Exercise requirements ▸
Could you copy every line in the listing below that has the word "reflexive"?

Data section ▸
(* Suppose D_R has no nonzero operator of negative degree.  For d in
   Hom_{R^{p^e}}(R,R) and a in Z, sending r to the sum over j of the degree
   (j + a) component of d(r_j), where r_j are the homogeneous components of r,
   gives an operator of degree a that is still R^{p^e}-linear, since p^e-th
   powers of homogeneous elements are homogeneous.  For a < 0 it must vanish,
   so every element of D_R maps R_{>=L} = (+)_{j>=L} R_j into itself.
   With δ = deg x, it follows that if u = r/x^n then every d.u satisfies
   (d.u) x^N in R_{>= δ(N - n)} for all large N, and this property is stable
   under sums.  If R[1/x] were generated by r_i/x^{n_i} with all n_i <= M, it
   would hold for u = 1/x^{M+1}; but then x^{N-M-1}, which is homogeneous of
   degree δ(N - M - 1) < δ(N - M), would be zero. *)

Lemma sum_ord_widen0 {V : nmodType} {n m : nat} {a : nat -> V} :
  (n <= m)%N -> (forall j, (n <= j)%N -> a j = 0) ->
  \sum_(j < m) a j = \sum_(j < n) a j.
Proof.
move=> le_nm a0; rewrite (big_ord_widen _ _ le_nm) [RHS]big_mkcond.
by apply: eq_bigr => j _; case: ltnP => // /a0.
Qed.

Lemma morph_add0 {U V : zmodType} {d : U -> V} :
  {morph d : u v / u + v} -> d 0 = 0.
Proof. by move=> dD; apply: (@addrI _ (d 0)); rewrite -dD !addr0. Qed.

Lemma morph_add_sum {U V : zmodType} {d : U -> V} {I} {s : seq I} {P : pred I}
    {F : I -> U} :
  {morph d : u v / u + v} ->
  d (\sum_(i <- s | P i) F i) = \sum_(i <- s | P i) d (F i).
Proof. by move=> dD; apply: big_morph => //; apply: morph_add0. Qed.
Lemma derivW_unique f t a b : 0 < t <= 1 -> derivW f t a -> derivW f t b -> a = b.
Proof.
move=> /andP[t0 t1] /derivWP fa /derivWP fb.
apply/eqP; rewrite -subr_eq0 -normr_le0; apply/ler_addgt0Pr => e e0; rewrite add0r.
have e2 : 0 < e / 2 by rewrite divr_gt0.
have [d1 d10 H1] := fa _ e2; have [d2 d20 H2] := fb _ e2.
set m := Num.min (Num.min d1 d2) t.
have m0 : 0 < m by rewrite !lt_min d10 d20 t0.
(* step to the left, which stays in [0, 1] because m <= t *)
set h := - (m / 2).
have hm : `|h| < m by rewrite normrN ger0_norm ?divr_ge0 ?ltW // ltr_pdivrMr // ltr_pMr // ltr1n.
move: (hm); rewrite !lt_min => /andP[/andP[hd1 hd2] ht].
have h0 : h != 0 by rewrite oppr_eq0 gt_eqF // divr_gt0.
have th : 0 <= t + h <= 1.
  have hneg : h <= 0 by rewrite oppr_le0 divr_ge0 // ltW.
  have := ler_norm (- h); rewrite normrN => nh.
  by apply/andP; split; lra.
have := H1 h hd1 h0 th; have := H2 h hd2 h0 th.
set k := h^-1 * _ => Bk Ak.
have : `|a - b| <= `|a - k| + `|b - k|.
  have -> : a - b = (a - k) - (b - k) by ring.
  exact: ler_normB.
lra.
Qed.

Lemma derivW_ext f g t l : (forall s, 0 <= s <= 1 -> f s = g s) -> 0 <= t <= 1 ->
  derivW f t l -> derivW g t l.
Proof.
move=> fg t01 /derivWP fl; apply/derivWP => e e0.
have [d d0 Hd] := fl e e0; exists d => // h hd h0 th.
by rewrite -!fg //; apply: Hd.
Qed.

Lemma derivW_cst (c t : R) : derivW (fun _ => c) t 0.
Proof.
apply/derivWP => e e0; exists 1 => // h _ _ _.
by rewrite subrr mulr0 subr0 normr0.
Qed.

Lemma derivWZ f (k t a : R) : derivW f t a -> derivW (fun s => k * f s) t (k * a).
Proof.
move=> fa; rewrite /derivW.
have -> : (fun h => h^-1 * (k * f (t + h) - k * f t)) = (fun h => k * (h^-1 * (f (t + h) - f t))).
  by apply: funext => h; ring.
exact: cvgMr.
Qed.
---
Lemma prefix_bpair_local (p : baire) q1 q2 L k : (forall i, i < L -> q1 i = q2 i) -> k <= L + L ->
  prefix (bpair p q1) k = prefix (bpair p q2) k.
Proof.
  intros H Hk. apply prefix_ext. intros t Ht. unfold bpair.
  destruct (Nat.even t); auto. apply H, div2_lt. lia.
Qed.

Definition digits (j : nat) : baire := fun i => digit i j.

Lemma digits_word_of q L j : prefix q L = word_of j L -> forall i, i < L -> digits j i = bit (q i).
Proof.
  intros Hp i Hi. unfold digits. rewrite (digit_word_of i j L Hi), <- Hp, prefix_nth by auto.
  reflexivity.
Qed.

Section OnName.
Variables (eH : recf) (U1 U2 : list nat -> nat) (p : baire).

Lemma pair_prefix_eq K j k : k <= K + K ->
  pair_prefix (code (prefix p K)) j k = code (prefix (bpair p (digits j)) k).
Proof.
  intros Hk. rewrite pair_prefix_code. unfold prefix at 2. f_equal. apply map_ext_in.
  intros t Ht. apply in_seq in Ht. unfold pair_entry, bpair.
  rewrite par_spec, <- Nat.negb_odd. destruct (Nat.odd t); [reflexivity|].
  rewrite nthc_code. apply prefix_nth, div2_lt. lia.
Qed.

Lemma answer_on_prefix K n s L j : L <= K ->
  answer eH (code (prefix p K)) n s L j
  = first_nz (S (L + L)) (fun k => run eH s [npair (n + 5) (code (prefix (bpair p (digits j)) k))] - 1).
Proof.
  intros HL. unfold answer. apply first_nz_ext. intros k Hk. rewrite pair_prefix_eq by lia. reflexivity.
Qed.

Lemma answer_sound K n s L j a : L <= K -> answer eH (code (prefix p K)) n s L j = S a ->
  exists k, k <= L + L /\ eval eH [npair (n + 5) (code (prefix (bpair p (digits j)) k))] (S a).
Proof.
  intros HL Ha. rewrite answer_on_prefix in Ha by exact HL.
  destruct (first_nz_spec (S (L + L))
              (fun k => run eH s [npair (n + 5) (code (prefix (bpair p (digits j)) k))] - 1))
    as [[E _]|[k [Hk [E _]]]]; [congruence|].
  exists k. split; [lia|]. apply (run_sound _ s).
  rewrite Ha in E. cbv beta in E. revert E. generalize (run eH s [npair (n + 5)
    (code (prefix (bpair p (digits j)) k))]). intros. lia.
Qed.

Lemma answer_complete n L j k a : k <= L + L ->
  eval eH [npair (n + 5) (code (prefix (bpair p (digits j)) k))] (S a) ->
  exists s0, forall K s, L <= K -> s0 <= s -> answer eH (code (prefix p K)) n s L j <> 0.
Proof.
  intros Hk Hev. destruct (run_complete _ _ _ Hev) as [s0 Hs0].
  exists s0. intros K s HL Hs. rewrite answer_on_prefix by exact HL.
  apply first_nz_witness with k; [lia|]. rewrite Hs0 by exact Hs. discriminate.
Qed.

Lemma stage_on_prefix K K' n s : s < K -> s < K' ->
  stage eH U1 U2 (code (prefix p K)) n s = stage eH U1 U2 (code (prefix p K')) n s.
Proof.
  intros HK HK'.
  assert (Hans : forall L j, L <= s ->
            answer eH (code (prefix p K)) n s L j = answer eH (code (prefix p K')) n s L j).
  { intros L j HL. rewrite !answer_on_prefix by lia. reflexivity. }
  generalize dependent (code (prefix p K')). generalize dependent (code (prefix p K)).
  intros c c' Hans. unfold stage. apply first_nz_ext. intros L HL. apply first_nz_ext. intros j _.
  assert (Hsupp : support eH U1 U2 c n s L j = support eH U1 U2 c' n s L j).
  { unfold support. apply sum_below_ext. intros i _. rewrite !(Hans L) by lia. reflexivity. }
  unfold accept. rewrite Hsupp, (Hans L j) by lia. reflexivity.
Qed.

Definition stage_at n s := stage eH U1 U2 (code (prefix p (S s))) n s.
* * *
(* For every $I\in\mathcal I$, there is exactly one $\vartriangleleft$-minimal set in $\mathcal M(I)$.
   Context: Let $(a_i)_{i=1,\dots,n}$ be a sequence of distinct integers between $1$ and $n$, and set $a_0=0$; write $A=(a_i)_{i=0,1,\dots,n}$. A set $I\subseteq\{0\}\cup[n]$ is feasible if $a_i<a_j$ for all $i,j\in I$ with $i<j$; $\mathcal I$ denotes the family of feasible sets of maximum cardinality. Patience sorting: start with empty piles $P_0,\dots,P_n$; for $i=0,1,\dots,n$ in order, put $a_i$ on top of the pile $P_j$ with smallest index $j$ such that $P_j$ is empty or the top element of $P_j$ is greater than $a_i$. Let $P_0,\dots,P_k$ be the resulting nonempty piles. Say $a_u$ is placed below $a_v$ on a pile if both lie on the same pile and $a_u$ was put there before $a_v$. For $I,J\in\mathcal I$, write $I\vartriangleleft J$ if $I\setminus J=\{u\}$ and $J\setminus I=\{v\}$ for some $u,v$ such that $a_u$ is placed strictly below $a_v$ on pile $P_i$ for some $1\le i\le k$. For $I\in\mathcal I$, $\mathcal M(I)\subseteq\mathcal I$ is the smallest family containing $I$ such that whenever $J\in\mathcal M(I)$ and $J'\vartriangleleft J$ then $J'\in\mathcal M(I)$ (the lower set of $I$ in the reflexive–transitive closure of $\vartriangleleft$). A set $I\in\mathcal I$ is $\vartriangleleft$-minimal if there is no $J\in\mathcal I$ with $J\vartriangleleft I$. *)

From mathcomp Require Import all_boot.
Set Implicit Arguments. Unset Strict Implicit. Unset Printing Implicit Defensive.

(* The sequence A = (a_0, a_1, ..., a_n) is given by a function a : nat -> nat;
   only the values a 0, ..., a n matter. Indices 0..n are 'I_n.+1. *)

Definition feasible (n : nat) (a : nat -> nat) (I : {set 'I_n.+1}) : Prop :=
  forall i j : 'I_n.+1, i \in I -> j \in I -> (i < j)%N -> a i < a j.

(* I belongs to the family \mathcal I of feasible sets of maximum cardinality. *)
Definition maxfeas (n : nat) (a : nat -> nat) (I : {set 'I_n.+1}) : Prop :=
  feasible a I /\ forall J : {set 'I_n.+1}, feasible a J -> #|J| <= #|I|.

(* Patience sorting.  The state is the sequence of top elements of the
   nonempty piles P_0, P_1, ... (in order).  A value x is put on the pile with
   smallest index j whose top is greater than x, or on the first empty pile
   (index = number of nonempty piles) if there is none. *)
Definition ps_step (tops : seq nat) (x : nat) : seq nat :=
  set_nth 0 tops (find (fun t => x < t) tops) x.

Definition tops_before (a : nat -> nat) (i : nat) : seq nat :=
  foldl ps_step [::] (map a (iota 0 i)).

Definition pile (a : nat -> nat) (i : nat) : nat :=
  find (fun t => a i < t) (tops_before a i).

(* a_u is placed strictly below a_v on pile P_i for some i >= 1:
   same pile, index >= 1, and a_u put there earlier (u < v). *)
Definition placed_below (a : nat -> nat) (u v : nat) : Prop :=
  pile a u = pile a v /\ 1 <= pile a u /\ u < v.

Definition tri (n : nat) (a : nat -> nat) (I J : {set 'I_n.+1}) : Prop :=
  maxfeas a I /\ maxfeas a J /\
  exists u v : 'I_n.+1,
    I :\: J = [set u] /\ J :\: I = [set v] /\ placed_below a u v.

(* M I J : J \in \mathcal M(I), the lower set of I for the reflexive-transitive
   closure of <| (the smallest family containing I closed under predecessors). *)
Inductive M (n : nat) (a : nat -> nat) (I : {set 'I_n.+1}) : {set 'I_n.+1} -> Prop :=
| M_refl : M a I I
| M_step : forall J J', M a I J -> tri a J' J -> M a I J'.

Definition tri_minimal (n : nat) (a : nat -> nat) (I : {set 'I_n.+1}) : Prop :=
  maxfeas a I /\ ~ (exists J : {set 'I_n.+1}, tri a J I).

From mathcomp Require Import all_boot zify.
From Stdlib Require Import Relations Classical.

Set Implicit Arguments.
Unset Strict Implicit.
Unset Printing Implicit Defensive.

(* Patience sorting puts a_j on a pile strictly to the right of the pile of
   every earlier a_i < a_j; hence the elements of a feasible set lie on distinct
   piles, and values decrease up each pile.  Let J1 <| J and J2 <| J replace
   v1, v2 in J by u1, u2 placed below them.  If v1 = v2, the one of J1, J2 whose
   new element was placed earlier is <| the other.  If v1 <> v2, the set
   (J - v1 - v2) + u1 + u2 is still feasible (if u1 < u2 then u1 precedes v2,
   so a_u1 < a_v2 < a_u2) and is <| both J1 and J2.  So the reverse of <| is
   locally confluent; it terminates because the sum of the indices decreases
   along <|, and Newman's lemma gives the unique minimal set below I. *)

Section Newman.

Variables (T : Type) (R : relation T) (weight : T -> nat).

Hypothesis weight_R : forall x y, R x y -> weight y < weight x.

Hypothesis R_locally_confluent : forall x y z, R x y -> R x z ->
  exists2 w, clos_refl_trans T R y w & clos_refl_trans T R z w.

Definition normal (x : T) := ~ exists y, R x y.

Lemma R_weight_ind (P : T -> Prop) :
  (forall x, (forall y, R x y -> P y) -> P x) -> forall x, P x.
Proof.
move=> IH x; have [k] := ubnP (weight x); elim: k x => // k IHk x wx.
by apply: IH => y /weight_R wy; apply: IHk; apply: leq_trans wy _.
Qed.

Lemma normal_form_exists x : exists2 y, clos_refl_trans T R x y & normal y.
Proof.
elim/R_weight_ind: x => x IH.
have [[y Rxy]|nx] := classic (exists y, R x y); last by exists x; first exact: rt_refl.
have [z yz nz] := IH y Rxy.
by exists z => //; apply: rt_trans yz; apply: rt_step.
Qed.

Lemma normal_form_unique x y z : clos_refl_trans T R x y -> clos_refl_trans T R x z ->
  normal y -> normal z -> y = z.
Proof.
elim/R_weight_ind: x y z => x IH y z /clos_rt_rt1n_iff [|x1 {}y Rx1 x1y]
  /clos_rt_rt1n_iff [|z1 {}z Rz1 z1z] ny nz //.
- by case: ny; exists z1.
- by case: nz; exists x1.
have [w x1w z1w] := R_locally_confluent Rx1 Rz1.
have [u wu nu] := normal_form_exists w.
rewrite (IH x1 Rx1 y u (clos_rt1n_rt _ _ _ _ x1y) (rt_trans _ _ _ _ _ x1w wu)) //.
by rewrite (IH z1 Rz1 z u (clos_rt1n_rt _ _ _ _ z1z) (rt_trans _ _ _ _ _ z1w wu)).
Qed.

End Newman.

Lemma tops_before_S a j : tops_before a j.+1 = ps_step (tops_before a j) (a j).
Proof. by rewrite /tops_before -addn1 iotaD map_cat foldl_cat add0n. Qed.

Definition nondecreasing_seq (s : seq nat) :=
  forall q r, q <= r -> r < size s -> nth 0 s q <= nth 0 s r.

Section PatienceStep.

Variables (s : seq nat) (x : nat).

Your solution ▸
   Context: Let $(a_i)_{i=1,\dots,n}$ be a sequence of distinct integers between $1$ and $n$, and set $a_0=0$; write $A=(a_i)_{i=0,1,\dots,n}$. A set $I\subseteq\{0\}\cup[n]$ is feasible if $a_i<a_j$ for all $i,j\in I$ with $i<j$; $\mathcal I$ denotes the family of feasible sets of maximum cardinality. Patience sorting: start with empty piles $P_0,\dots,P_n$; for $i=0,1,\dots,n$ in order, put $a_i$ on top of the pile $P_j$ with smallest index $j$ such that $P_j$ is empty or the top element of $P_j$ is greater than $a_i$. Let $P_0,\dots,P_k$ be the resulting nonempty piles. Say $a_u$ is placed below $a_v$ on a pile if both lie on the same pile and $a_u$ was put there before $a_v$. For $I,J\in\mathcal I$, write $I\vartriangleleft J$ if $I\setminus J=\{u\}$ and $J\setminus I=\{v\}$ for some $u,v$ such that $a_u$ is placed strictly below $a_v$ on pile $P_i$ for some $1\le i\le k$. For $I\in\mathcal I$, $\mathcal M(I)\subseteq\mathcal I$ is the smallest family containing $I$ such that whenever $J\in\mathcal M(I)$ and $J'\vartriangleleft J$ then $J'\in\mathcal M(I)$ (the lower set of $I$ in the reflexive–transitive closure of $\vartriangleleft$). A set $I\in\mathcal I$ is $\vartriangleleft$-minimal if there is no $J\in\mathcal I$ with $J\vartriangleleft I$. *)
(* M I J : J \in \mathcal M(I), the lower set of I for the reflexive-transitive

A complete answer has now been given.